The agitation for the women's vote was first begun in Norway about 1885. It was begun by women. By their cogent arguments and spirited demonstrations of the injustice of excluding them from public rights they aroused the conscience of the people. From the first they obtained the sympathy and support of the Labour parties and a good many of the Liberal party. Proposals for granting the parliamentary suffrage to women were repeatedly submitted to the Storthing, and in several divisions obtained considerable support; but as the reform involved a change in the Constitution, and a majority of two-thirds was therefore required, it was long before the measure could be carried.

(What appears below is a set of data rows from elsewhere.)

(* Let $\{\ket{j}\}_{j=0}^{7}$ be the computational basis of three qubits, where $\ket{j}=\ket{j_1j_2j_3}$ with $j=4j_1+2j_2+j_3$, and let $$\ket{\psi_4}=-\frac{1}{8\sqrt{2}}\left(\ket{0}+\ket{1}+\ket{2}+\ket{3}+\ket{4}+\ket{5}+\ket{6}-11\ket{7}\right),\qquad \rho_4=\ket{\psi_4}\bra{\psi_4}.$$ Denote by $A_4,B_4,C_4$ the first, second and third qubits of $\rho_4$. Then $$D(B_4C_4|A_4)=D(A_4C_4|B_4)=D(A_4B_4|C_4)=D(C_4|A_4B_4)=D(B_4|A_4C_4)=D(A_4|B_4C_4)$$ $$=-\tfrac{1}{32}(16+\sqrt{229})\log\left(\tfrac{1}{32}(16+\sqrt{229})\right)-\tfrac{1}{32}(16-\sqrt{229})\log\left(\tfrac{1}{32}(16-\sqrt{229})\right)\approx 0.17,$$ and moreover $D(B_4C_4|A_4)=S(\rho_{A_4})$ and $D(C_4|A_4B_4)=S(\rho_{A_4B_4})$.
   Context: Logarithms are base 2, and $S(\sigma)=-\mathrm{Tr}(\sigma\log\sigma)$ is the von Neumann entropy; $\rho_{A_4}$ and $\rho_{A_4B_4}$ denote the reduced states of $\rho_4$ on the first qubit and on the first two qubits. For a state $\rho_{XY}$ on a bipartite system $X\otimes Y$ (here $X$ and $Y$ are complementary groups of the three qubits), the quantum discord with measurement on $X$ is $$D(Y|X)=\min_{\{E_a\}}\sum_a p_a S(\rho_{Y|a})+S(\rho_X)-S(\rho_{XY}),$$ where the minimum is over all POVMs $\{E_a\}$ on $X$ ($E_a\ge 0$, $\sum_a E_a=I$), $p_a=\mathrm{Tr}((E_a\otimes I)\rho_{XY})$, $\rho_{Y|a}=\mathrm{Tr}_X((E_a\otimes I)\rho_{XY})/p_a$, and $\rho_X,\rho_Y$ are reduced states. *)

From HB Require Import structures.
From mathcomp Require Import all_boot all_order all_algebra.
From mathcomp Require Import complex.
From mathcomp Require Import classical_sets reals exp.

Set Implicit Arguments.
Unset Strict Implicit.
Unset Printing Implicit Defensive.

Import Order.TTheory GRing.Theory Num.Theory.
Local Open Scope ring_scope.
Local Open Scope complex_scope.

Section QDefs.
Variable R : realType.
Local Notation C := R[i].

(* logarithm base 2 (with ln x = 0 for x <= 0, so 0 * log2 0 = 0) *)
Definition log2 (x : R) : R := ln x / ln 2.

Definition adjmx m n (A : 'M[C]_(m, n)) : 'M[C]_(n, m) :=
  \matrix_(i, j) (A j i)^*.

(* positive semidefinite: v^* A v >= 0 for all v (in the order of C, i.e.
   real and nonnegative) *)
Definition psdmx n (A : 'M[C]_n) : Prop :=
  forall v : 'cV[C]_n, 0 <= (adjmx v *m A *m v) 0 0.

Definition spectrum n (A : 'M[C]_n) : seq C :=
  xget [::] [set s : seq C | char_poly A = \prod_(r <- s) ('X - r%:P)].

(* von Neumann entropy S(sigma) = - Tr (sigma log sigma), computed from the
   eigenvalues (which are real for density matrices) *)
Definition vN_entropy n (A : 'M[C]_n) : R :=
  - \sum_(r <- spectrum A) complex.Re r * log2 (complex.Re r).

Definition ket3 (a b c : 'I_2) : 'I_8 := inord (4 * a + 2 * b + c).
Definition hi (y : 'I_4) : 'I_2 := inord (y %/ 2).
Definition lo (y : 'I_4) : 'I_2 := inord (y %% 2).

(* A bipartition X|Y of the three qubits is encoded by an index map
   f : 'I_m -> 'I_n -> 'I_8, (x, y) |-> index of the basis vector |x>_X|y>_Y *)
Definition reducedX m n (f : 'I_m -> 'I_n -> 'I_8) (rho : 'M[C]_8) : 'M[C]_m :=
  \matrix_(i, i') \sum_(j < n) rho (f i j) (f i' j).

(* Tr_X((E ⊗ I) rho) *)
Definition postmeas m n (f : 'I_m -> 'I_n -> 'I_8) (rho : 'M[C]_8)
  (E : 'M[C]_m) : 'M[C]_n :=
  \matrix_(j, j') \sum_(i < m) \sum_(i' < m) E i i' * rho (f i' j) (f i j').

Definition meas_prob m n (f : 'I_m -> 'I_n -> 'I_8) (rho : 'M[C]_8)
  (E : 'M[C]_m) : R := complex.Re (\tr (postmeas f rho E)).

Definition povm m k (E : 'I_k -> 'M[C]_m) : Prop :=
  (forall a, psdmx (E a)) /\ \sum_(a < k) E a = 1%:M.

(* sum_a p_a S(rho_{Y|a});  outcomes with p_a = 0 contribute 0 *)
Definition avg_cond_entropy m n (f : 'I_m -> 'I_n -> 'I_8) (rho : 'M[C]_8)
  k (E : 'I_k -> 'M[C]_m) : R :=
  \sum_(a < k) meas_prob f rho (E a) *
     vN_entropy ((meas_prob f rho (E a))^-1%:C *: postmeas f rho (E a)).

(* quantum discord D(Y|X) with measurement on X;  the minimum over all POVMs
   is taken as an infimum *)
Definition discord m n (f : 'I_m -> 'I_n -> 'I_8) (rho : 'M[C]_8) : R :=
  inf [set x : R | exists k (E : 'I_k -> 'M[C]_m),
                     povm E /\ x = avg_cond_entropy f rho E]
  + vN_entropy (reducedX f rho) - vN_entropy rho.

The opposition to the vote for women was based upon the principle that woman's place is at home, and that her participation in public life is not conformable or consistent with woman's nature and capacity. The adherents of the reform, on the other hand, maintained:

That the woman's vote would not interfere with her duties as wife and mother;

That the interests of the family would be strengthened by husband and wife having two votes instead of one in cases where both were agreed upon great public questions, the vote being thus, in a sense, a reward for domestic political concord;

That in all countries the industrial system has forced a very large number of women to take a prominent part in producing the wealth of the community;

That women as a whole, married and unmarried, have quite as great, important, and heavy duties to perform towards mankind and society as men have;

That the women's vote would develop the social and public spirit of women, and thus prove a valuable educative force, as manhood suffrage had proved in the case of men ;

That the general welfare of the people would be promoted by

the exercise of the peculiarly womanly interests, faculties, and opinions;

That, as the people consist of women as well as men, the principle of self-government requires the equal admittance of all citizens, regardless of sex, for the purpose of influencing the Government and its legislation; and

That the admission of women into the body of voting citizens is, therefore, only a simple act of justice.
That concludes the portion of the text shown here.